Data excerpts
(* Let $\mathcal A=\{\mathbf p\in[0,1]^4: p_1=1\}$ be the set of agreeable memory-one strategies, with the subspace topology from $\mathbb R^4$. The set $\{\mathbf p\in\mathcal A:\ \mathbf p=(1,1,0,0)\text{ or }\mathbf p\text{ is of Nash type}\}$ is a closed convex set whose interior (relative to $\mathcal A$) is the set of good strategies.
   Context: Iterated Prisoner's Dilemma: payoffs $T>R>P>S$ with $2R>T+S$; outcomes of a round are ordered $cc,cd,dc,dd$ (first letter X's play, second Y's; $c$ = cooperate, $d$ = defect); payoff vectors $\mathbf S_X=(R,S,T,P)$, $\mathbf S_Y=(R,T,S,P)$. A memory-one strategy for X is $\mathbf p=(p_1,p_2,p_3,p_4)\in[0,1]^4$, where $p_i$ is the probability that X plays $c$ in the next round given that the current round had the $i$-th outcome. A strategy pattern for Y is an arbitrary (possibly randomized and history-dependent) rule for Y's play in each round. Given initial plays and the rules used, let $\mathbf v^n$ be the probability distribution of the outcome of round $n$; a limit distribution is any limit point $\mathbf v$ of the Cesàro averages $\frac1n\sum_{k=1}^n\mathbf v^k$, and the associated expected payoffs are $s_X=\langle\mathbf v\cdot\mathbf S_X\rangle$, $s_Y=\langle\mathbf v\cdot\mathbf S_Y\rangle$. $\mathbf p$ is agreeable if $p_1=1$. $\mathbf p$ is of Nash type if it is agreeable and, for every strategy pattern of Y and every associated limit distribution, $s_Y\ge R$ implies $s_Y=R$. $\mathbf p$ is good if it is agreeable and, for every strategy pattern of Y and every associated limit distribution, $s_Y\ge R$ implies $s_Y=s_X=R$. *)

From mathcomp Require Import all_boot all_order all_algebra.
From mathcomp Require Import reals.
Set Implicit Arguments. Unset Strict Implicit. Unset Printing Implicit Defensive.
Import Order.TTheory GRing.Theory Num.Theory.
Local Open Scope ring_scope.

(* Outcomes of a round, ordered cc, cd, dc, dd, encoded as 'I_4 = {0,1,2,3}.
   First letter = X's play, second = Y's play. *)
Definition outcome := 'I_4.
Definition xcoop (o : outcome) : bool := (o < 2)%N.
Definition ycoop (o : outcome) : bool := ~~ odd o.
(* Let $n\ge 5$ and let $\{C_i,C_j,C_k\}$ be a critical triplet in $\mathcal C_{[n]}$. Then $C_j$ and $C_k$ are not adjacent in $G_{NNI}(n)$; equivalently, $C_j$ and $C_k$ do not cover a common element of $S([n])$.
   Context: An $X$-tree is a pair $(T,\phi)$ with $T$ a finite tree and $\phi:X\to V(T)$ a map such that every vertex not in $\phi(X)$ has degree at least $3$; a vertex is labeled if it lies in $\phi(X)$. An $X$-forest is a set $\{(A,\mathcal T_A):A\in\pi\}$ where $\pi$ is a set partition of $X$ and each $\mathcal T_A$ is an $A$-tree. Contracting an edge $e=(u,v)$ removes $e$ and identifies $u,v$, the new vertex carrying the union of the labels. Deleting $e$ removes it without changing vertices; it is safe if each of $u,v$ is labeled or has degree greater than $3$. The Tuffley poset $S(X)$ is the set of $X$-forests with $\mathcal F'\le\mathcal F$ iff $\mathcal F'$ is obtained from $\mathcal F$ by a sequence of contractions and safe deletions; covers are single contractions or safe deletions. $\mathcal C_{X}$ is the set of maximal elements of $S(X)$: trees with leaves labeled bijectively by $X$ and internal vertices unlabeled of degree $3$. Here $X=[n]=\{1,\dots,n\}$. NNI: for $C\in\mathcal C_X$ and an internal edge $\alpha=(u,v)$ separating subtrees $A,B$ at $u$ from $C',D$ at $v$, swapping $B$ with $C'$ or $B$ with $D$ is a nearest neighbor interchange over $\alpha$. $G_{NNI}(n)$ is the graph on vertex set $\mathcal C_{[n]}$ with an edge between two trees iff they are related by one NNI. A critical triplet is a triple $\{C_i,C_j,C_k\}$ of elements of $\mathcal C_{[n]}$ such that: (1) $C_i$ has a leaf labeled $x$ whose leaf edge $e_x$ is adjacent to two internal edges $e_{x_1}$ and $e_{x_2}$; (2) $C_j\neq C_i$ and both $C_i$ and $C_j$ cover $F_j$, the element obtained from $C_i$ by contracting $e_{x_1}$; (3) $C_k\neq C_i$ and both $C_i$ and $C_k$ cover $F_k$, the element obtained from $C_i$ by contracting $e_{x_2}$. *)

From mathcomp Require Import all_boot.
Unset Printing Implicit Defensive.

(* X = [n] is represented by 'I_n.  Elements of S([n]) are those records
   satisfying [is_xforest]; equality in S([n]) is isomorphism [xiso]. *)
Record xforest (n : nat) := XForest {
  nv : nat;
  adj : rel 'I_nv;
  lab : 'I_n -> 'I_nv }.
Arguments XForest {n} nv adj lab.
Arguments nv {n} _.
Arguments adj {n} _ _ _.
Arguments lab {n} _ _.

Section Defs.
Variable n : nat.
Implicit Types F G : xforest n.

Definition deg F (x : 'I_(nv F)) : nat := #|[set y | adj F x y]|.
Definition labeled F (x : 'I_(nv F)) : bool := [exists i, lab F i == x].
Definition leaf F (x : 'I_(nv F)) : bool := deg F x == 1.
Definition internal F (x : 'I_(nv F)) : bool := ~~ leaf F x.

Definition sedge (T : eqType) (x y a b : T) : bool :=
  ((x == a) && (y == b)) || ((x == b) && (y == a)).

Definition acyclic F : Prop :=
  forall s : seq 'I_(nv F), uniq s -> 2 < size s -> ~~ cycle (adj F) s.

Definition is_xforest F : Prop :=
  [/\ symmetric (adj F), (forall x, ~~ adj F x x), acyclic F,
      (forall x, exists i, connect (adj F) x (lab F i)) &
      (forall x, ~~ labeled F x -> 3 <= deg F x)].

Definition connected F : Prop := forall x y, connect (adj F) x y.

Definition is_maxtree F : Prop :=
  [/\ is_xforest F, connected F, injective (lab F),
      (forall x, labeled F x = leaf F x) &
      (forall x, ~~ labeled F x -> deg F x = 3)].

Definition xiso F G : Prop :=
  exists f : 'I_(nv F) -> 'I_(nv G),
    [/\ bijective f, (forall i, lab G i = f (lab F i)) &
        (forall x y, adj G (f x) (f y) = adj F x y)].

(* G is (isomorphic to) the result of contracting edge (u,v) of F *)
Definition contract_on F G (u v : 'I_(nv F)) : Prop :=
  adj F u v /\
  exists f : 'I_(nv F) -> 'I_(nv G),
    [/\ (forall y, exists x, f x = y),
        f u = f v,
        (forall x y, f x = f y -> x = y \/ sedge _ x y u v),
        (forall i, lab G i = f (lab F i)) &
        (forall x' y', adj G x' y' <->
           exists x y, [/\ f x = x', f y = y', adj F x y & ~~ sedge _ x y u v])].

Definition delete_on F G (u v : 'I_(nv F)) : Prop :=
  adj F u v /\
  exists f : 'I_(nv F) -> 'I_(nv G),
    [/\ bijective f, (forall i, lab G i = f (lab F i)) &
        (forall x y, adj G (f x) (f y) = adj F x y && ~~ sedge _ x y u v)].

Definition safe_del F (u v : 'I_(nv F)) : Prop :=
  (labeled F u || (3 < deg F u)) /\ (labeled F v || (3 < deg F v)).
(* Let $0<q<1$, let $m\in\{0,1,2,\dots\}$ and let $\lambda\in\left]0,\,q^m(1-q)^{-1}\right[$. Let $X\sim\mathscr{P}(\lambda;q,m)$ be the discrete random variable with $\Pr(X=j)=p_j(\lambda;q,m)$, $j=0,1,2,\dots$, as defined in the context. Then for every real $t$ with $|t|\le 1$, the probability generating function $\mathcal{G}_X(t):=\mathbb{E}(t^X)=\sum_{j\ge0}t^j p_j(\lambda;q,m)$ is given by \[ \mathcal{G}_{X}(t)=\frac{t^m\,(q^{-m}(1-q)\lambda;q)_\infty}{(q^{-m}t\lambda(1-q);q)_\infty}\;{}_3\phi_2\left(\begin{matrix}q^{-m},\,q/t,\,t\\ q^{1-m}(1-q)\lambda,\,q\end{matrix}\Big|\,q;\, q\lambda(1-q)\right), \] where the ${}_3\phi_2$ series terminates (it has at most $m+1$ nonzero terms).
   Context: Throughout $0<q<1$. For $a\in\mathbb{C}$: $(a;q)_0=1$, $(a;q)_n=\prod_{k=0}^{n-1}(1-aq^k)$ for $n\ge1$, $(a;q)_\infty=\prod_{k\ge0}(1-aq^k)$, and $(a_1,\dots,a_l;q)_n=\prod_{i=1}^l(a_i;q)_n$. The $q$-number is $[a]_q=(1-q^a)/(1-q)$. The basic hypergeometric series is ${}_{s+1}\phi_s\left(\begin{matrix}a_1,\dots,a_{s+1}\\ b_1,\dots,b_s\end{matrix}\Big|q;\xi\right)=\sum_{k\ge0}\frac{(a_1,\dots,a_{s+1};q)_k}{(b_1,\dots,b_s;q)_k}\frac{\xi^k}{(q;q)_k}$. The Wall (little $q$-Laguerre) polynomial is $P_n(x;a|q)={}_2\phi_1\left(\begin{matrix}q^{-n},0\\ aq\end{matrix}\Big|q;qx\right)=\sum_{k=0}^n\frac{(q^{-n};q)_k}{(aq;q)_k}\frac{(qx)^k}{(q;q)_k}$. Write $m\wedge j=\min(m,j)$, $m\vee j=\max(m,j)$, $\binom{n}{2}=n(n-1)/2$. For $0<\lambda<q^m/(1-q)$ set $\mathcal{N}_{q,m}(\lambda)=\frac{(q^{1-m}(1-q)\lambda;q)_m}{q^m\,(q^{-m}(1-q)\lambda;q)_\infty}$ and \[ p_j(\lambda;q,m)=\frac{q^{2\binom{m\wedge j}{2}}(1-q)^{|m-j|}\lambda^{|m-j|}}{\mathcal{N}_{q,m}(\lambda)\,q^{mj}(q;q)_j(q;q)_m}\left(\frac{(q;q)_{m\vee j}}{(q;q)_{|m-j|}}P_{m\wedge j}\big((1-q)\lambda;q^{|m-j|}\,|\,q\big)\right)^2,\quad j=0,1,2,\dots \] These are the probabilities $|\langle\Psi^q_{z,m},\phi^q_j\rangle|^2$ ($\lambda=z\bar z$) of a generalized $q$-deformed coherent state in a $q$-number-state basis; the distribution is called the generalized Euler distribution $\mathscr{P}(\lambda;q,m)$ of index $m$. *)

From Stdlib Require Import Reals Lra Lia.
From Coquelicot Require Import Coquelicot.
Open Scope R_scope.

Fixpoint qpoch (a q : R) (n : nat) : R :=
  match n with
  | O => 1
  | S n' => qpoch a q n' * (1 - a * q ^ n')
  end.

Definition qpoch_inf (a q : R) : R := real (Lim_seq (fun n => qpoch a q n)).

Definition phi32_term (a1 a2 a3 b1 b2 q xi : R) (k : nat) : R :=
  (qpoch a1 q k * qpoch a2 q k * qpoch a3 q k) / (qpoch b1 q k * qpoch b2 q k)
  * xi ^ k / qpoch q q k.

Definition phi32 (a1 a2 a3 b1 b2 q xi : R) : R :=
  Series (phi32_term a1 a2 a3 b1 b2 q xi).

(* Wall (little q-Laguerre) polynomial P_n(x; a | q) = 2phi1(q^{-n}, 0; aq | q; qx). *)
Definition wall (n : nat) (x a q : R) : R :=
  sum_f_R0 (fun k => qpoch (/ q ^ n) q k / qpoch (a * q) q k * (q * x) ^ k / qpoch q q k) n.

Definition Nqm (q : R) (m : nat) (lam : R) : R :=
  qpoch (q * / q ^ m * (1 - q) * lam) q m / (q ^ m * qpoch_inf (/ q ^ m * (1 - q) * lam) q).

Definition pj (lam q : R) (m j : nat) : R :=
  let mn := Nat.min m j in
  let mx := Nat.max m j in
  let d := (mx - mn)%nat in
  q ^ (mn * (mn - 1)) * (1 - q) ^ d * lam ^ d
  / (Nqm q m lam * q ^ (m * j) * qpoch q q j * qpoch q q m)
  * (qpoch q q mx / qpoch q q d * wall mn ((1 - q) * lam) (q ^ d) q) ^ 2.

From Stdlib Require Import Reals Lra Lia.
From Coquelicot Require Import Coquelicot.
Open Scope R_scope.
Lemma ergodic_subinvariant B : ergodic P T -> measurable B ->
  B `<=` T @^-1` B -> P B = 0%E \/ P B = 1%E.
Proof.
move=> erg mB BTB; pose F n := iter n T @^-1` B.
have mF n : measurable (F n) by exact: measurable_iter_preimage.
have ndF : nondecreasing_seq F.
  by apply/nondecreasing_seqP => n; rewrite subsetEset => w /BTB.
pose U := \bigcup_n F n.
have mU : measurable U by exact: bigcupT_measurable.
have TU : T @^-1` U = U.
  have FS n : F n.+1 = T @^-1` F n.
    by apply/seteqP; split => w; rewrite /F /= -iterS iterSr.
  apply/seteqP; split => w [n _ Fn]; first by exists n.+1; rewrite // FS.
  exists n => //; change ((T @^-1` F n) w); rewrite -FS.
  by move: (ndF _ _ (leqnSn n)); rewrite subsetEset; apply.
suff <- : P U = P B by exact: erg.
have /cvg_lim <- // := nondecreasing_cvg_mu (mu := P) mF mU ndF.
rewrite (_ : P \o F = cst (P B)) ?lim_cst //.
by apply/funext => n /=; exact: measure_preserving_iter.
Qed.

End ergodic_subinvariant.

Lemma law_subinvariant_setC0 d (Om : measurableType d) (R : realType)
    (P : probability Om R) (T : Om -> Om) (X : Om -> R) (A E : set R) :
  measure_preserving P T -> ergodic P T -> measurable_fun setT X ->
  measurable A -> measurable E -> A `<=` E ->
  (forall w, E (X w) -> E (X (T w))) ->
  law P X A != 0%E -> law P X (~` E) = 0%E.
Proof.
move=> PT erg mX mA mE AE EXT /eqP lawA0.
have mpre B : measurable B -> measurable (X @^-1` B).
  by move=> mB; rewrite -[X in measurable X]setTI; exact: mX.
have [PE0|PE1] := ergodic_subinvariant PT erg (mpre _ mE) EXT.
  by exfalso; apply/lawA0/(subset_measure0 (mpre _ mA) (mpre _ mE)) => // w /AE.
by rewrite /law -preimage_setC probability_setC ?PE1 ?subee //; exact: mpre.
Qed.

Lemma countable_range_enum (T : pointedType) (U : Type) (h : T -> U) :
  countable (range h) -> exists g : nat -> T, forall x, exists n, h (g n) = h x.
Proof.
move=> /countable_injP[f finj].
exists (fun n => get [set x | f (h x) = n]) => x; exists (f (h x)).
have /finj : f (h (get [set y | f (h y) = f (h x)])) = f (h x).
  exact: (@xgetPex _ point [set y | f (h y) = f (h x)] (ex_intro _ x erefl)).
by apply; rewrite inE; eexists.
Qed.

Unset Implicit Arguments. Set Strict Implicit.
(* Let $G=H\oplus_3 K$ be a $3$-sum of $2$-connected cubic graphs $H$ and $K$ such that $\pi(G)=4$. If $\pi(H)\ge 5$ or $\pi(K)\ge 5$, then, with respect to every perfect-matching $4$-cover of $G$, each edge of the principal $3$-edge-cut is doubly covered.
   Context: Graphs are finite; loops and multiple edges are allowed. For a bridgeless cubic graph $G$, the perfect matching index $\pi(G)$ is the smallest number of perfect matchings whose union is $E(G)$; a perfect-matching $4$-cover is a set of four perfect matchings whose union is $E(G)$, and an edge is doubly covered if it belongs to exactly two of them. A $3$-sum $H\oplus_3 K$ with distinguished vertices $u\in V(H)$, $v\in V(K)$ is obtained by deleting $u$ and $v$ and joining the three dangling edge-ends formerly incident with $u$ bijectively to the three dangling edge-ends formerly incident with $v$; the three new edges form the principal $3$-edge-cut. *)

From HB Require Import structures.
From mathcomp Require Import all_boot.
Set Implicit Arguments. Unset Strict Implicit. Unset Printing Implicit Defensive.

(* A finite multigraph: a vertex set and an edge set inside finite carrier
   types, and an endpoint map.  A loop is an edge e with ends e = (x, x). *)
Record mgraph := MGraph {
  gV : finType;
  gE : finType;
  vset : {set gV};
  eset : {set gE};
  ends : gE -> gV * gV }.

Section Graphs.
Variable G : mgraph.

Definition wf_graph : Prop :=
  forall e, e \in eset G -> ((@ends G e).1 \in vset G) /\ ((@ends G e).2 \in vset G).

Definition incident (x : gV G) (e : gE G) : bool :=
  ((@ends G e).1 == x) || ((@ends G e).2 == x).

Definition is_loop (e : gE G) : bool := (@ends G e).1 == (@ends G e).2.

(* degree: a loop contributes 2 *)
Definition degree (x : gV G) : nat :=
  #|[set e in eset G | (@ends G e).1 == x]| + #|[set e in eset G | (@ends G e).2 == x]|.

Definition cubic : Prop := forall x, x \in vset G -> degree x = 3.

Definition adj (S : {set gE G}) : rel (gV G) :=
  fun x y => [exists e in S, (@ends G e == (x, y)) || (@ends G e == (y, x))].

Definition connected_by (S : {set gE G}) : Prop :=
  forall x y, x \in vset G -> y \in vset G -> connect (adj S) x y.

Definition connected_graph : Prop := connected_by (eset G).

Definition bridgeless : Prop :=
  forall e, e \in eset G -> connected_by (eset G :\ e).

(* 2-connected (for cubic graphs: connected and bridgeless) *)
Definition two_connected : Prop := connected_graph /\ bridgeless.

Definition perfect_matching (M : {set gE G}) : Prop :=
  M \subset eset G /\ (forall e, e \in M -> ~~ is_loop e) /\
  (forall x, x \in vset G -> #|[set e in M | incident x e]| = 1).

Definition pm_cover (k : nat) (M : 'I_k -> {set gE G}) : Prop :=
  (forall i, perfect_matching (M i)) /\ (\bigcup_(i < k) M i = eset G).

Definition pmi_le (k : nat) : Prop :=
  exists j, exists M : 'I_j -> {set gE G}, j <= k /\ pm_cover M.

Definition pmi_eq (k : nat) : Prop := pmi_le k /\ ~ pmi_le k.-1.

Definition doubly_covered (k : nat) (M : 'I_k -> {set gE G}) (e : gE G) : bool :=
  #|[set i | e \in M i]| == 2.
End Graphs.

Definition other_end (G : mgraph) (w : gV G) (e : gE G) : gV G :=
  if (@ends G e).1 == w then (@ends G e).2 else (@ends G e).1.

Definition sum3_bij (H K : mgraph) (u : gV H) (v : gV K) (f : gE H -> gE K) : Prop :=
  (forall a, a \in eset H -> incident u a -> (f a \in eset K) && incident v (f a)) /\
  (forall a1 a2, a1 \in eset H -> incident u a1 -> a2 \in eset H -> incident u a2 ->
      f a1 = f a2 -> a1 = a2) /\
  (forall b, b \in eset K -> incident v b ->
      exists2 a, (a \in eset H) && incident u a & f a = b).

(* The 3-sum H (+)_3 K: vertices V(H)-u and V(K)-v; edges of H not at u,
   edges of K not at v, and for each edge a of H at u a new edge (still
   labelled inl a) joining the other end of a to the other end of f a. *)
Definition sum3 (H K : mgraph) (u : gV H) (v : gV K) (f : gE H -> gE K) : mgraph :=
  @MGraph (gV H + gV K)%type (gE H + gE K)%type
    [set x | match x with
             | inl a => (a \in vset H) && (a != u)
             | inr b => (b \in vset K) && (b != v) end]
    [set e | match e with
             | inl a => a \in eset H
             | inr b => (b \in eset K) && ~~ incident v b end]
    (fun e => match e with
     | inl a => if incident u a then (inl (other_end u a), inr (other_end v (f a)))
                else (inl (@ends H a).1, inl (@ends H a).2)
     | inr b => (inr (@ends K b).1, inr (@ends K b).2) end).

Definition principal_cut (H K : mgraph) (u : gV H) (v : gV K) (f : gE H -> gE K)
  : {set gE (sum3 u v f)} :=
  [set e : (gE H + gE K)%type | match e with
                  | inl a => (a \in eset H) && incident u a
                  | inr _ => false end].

### TASK STATEMENT
Scan the entries above for the line containing "apply/seteqP; split => w [n", and copy it and all lines after it exactly, down to and including the line containing "move=> PT erg mX mA mE AE EXT /eqP lawA0.".

### ANSWER FOR THIS EXERCISE
  apply/seteqP; split => w [n _ Fn]; first by exists n.+1; rewrite // FS.
  exists n => //; change ((T @^-1` F n) w); rewrite -FS.
  by move: (ndF _ _ (leqnSn n)); rewrite subsetEset; apply.
suff <- : P U = P B by exact: erg.
have /cvg_lim <- // := nondecreasing_cvg_mu (mu := P) mF mU ndF.
rewrite (_ : P \o F = cst (P B)) ?lim_cst //.
by apply/funext => n /=; exact: measure_preserving_iter.
Qed.

End ergodic_subinvariant.

Lemma law_subinvariant_setC0 d (Om : measurableType d) (R : realType)
    (P : probability Om R) (T : Om -> Om) (X : Om -> R) (A E : set R) :
  measure_preserving P T -> ergodic P T -> measurable_fun setT X ->
  measurable A -> measurable E -> A `<=` E ->
  (forall w, E (X w) -> E (X (T w))) ->
  law P X A != 0%E -> law P X (~` E) = 0%E.
Proof.
move=> PT erg mX mA mE AE EXT /eqP lawA0.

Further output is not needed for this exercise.